Copy, from the material below, each line that contains the word "last".

= Beginning of Section =

(* Let $N\ge2$, $d\ge1$ and consider the system $$\dot x_i(t)=\frac{\lambda_i(x)}{N}\sum_{j=1}^N M_{ij}(t)\,\phi_{ij}(x_i,x_j)\,(x_j(t)-x_i(t)),\qquad i=1,\dots,N,$$ with $x_i\in\mathbb{R}^d$, where all $M_{ij}:[0,+\infty)\to[0,1]$ are Lebesgue measurable and $\lambda_i:\mathbb{R}^{Nd}\to\mathbb{R}^+$, $\phi_{ij}:\mathbb{R}^d\times\mathbb{R}^d\to\mathbb{R}^+$ are Lipschitz continuous and strictly positive. Let $x(t)$ be a (Carathéodory) solution and let $\underline m,\overline m$ be the minimum and maximum of $\lambda_i(y)\phi_{ij}(y_i,y_j)$ over all $i,j\in\{1,\dots,N\}$ and all $y\in\mathbb{R}^{Nd}$ with $|y_k|\le\max_l|x_l(0)|$ for every $k$. Assume the Persistent Excitation condition holds with parameters $(T,\mu)$, $T,\mu>0$: for all indices $i,j$ and all $t\ge0$, $\frac1T\int_t^{t+T}M_{ij}(s)\,ds\ge\mu$. Then for all $n\in\mathbb{N}$, $$\max_{i,j}|x_i(nT)-x_j(nT)|\le C^n\max_{i,j}|x_i(0)-x_j(0)|,\qquad C=1-\frac12\left(\frac{\underline m\mu T}{N+\underline m\mu T}\right)\exp\!\left(-2\tfrac{N-1}{N}T\overline m\right).$$
   Context: $|\cdot|$ is the Euclidean norm; $\mathbb{N}$ includes $0$. *)

From HB Require Import structures.
From mathcomp Require Import all_boot all_order all_algebra.
From mathcomp Require Import all_classical all_reals all_analysis.
Set Implicit Arguments. Unset Strict Implicit. Unset Printing Implicit Defensive.
Import Order.TTheory GRing.Theory Num.Theory.
Import numFieldNormedType.Exports.
Local Open Scope classical_set_scope.
Local Open Scope ring_scope.

Definition enorm (R : realType) (d : nat) (v : 'rV[R]_d) : R :=
  Num.sqrt (\sum_(k < d) v ord0 k ^+ 2).

Definition config (R : realType) (N d : nat) := 'I_N -> 'rV[R]_d.

Definition cnorm (R : realType) (N d : nat) (y : config R N d) : R :=
  Num.sqrt (\sum_(i < N) \sum_(k < d) y i ord0 k ^+ 2).

Definition lipschitz_config (R : realType) (N d : nat) (f : config R N d -> R) :=
  exists L : R, forall y z : config R N d,
    `|f y - f z| <= L * cnorm (fun i => y i - z i).

Definition lipschitz_pair (R : realType) (d : nat) (f : 'rV[R]_d -> 'rV[R]_d -> R) :=
  exists L : R, forall a b a' b' : 'rV[R]_d,
    `|f a b - f a' b'| <= L * Num.sqrt (enorm (a - a') ^+ 2 + enorm (b - b') ^+ 2).

Definition rhs (R : realType) (N d : nat) (lam : 'I_N -> config R N d -> R)
  (phi : 'I_N -> 'I_N -> 'rV[R]_d -> 'rV[R]_d -> R) (M : 'I_N -> 'I_N -> R -> R)
  (x : R -> config R N d) (i : 'I_N) (k : 'I_d) (s : R) : R :=
  lam i (x s) / N%:R *
    \sum_(j < N) M i j s * phi i j (x s i) (x s j) * (x s j ord0 k - x s i ord0 k).

Definition caratheodory_solution (R : realType) (N d : nat)
  (lam : 'I_N -> config R N d -> R) (phi : 'I_N -> 'I_N -> 'rV[R]_d -> 'rV[R]_d -> R)
  (M : 'I_N -> 'I_N -> R -> R) (x : R -> config R N d) : Prop :=
  forall (t : R), 0 <= t -> forall (i : 'I_N) (k : 'I_d),
    (lebesgue_measure : measure _ R).-integrable `[0, t] (EFin \o rhs lam phi M x i k) /\
    x t i ord0 k = x 0 i ord0 k + Rintegral lebesgue_measure `[0, t] (rhs lam phi M x i k).

Definition config_diam (R : realType) (N d : nat) (y : config R N d) : R :=
  \big[Num.max/0]_(i < N) \big[Num.max/0]_(j < N) enorm (y i - y j).

Definition config_radius (R : realType) (N d : nat) (y : config R N d) : R :=
  \big[Num.max/0]_(l < N) enorm (y l).

(* Projected onto any direction w, the agents satisfy a scalar linear consensus
   system y_i' = sum_j a_ij (y_j - y_i) with weights a_ij >= 0, so min_j y_j never
   decreases and max_j y_j never increases; since solutions are only absolutely
   continuous, this is a Gronwall argument on the negative parts of y_j - min y.
   Taking w = x_i(t) keeps every agent in the initial ball, which yields
   (m_lo / N) M_ij <= a_ij <= m_hi / N.
   On a window [t, t + T], some agent k starts at least half the range D of the
   projection above its minimum (or, symmetrically, below its maximum).  With
   alpha = (N - 1) m_hi / N, a comparison argument keeps y_k at least
   exp(-alpha T) D above the minimum, and the persistent excitation of M_ik then
   lifts every other y_i by exp(-2 alpha T) (m_lo mu T / N) D.  Both exceed
   exp(-2 alpha T) q D with q = m_lo mu T / (N + m_lo mu T), so the range of every
   projection contracts by C = 1 - exp(-2 alpha T) q / 2 over each window, and
   w = x_p - x_q turns this into |x_p - x_q| <= C diam. *)

From HB Require Import structures.
From mathcomp Require Import all_boot all_order all_algebra.
From mathcomp Require Import all_classical all_reals all_analysis.
From mathcomp Require Import lra ring.
Import Order.TTheory GRing.Theory Num.Theory.
Import numFieldNormedType.Exports.
Local Open Scope classical_set_scope.
Local Open Scope ring_scope.

Section SegmentIntegral.
Context {R : realType}.
Local Notation mu := (@lebesgue_measure R).

Definition seg_integrable (a b : R) (f : R -> R) := mu.-integrable `[a, b] (EFin \o f).
Definition seg_int (a b : R) (f : R -> R) := \int[mu]_(s in `[a, b]) f s.

Implicit Types (a b c : R) (f g : R -> R).

Lemma seg_integrableS {a b a' b' f} : a <= a' -> b' <= b ->
  seg_integrable a b f -> seg_integrable a' b' f.
Proof. by move=> aa' b'b; apply: integrableS => //; apply: subset_itv; rewrite bnd_simp. Qed.


Lemma seg_integrableB a b f g : seg_integrable a b f -> seg_integrable a b g ->
  seg_integrable a b (fun s => f s - g s).
Proof. exact: integrableB. Qed.

Lemma seg_integrableZ a b k f : seg_integrable a b f ->
  seg_integrable a b (fun s => k * f s).
Proof. exact: integrableZl. Qed.

Lemma seg_integrableN a b f : seg_integrable a b f -> seg_integrable a b (fun s => - f s).
Proof. exact: integrableN. Qed.

Lemma seg_integrable_sum (I : Type) (r : seq I) (P : pred I) (F : I -> R -> R) a b :
  (forall k, P k -> seg_integrable a b (F k)) ->
  seg_integrable a b (fun s => \sum_(k <- r | P k) F k s).
Proof.
move=> hF; apply: eq_integrable (integrable_sum _ _ hF) => //= s _.
by rewrite sumEFin.
Qed.

Lemma continuous_seg_integrable a b f : continuous f -> seg_integrable a b f.
Proof.
move=> cf; apply: continuous_compact_integrable; first exact: segment_compact.
exact: continuous_subspaceT.
Qed.

Lemma seg_integrable_bounded (D : set R) (C : R) a b f : measurable D -> `[a, b] `<=` D ->
  measurable_fun D f -> (forall t, D t -> `|f t| <= C) -> seg_integrable a b f.
Proof.
move=> mD abD mf fC; apply: measurable_bounded_integrable => //.
- by apply: compact_finite_measure; exact: segment_compact.
- exact: measurable_funS mf.
exists C; split; first exact: num_real.
by move=> K CK t /abD Dt; rewrite /= (le_trans (fC t Dt)) // ltW.
Qed.

Lemma seg_int_pt a f : seg_int a a f = 0.
Proof. by rewrite /seg_int set_itv1 Rintegral_set1. Qed.

Lemma seg_int_split {a b c f} : a <= b -> b <= c -> seg_integrable a c f ->
  seg_int a c f = seg_int a b f + seg_int b c f.
Proof.
move=> ab bc hf; have := @Rintegral_itvB _ f (BLeft a) (BRight c) b hf.
rewrite Rintegral_itv_obnd_cbnd ?bnd_simp //; last first.
  by apply: integrableS hf => //; apply: subset_itv; rewrite bnd_simp.
by rewrite /seg_int => /(_ ab bc) <-; rewrite addrC subrK.
Qed.

Lemma seg_int_ge0 a b f : (forall s, a <= s <= b -> 0 <= f s) -> 0 <= seg_int a b f.
Proof. by move=> f0; apply: Rintegral_ge0 => s; rewrite /= in_itv; exact: f0. Qed.

Lemma le_seg_int a b f g : seg_integrable a b f -> seg_integrable a b g ->
  (forall s, a < s <= b -> f s <= g s) -> seg_int a b f <= seg_int a b g.
Proof.
move=> hf hg fg.
have sub : `]a, b] `<=` `[a, b] by apply: subset_itv; rewrite bnd_simp.
have hf' : mu.-integrable `]a, b] (EFin \o f) by exact: integrableS hf.
have hg' : mu.-integrable `]a, b] (EFin \o g) by exact: integrableS hg.
rewrite /seg_int -!Rintegral_itv_obnd_cbnd //; exact: le_Rintegral.
Qed.

Lemma seg_intD a b f g : seg_integrable a b f -> seg_integrable a b g ->
  seg_int a b (fun s => f s + g s) = seg_int a b f + seg_int a b g.
Proof. exact: RintegralD. Qed.

Lemma seg_intB a b f g : seg_integrable a b f -> seg_integrable a b g ->
  seg_int a b (fun s => f s - g s) = seg_int a b f - seg_int a b g.
Proof. exact: RintegralB. Qed.

Lemma seg_intZ a b k f : seg_integrable a b f ->
  seg_int a b (fun s => k * f s) = k * seg_int a b f.
Proof. exact: RintegralZl. Qed.

Lemma seg_intN a b f : seg_integrable a b f -> seg_int a b (fun s => - f s) = - seg_int a b f.
Proof.
move=> hf; rewrite -mulN1r -seg_intZ //.
by apply: eq_Rintegral => s _; rewrite mulN1r.
Qed.

Lemma seg_int_cst0 a b : seg_int a b (fun=> 0) = 0.
Proof. by rewrite /seg_int Rintegral_cst // mul0r. Qed.

Lemma seg_int_sum (I : Type) (r : seq I) (P : pred I) (F : I -> R -> R) a b :
  (forall k, P k -> seg_integrable a b (F k)) ->
  seg_int a b (fun s => \sum_(k <- r | P k) F k s) = \sum_(k <- r | P k) seg_int a b (F k).
Proof.
move=> hF; elim: r => [|k r IH].
  rewrite big_nil -[RHS](seg_int_cst0 a b); apply: eq_Rintegral => s _ /=; by rewrite big_nil.
rewrite big_cons -IH; case: ifP => Pk; last first.
  by apply: eq_Rintegral => s _; rewrite big_cons Pk.
rewrite -seg_intD ?hF //; last exact: seg_integrable_sum.
by apply: eq_Rintegral => s _; rewrite big_cons Pk.
Qed.

Lemma continuous_seg_int {a b f} : a <= b -> seg_integrable a b f ->
  {within `[a, b], continuous (fun t => seg_int a t f)}.
Proof. exact: parameterized_integral_continuous. Qed.

Lemma is_derive_expR_affine c (e x : R) :
  is_derive x 1 (fun s => expR (c * s + e)) (c * expR (c * x + e)).
Proof.
rewrite mulrC; apply: (is_derive1_comp (f := expR) (g := fun s => c * s + e)).
rewrite -[X in is_derive _ _ _ X]addr0 -[X in is_derive _ _ _ (X + _)]mulr1.
exact: (is_deriveD (f := c *: id) (g := cst e)).
Qed.

Lemma continuous_expR_affine c (e : R) : continuous (fun s => expR (c * s + e)).
Proof.
move=> s; apply/differentiable_continuous/derivable1_diffP.
by have [] := is_derive_expR_affine c e s.
Qed.

Lemma seg_int_expR_affine c (e : R) {a b} : a <= b ->
  seg_int a b (fun s => c * expR (c * s + e)) = expR (c * b + e) - expR (c * a + e).
Proof.
rewrite le_eqVlt => /predU1P[->|ab]; first by rewrite seg_int_pt subrr.
have cE := continuous_expR_affine c e.
rewrite /seg_int /Rintegral (@continuous_FTC2 _ _ (fun s => expR (c * s + e)) _ _ ab) //.
- apply: continuous_subspaceT => s.
  by apply: cvgM; [exact: cvg_cst | exact: cE].
- split; first by move=> s _; have [] := is_derive_expR_affine c e s.
  + exact/cvg_at_right_filter/cE.
  + exact/cvg_at_left_filter/cE.
- by move=> s _; rewrite derive1E; have [] := is_derive_expR_affine c e s.
Qed.

End SegmentIntegral.

Section IntegralInequalities.
Context {R : realType}.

= End of Section =

_Answer section_
rewrite Rintegral_itv_obnd_cbnd ?bnd_simp //; last first.
rewrite big_cons -IH; case: ifP => Pk; last first.
rewrite -seg_intD ?hF //; last exact: seg_integrable_sum.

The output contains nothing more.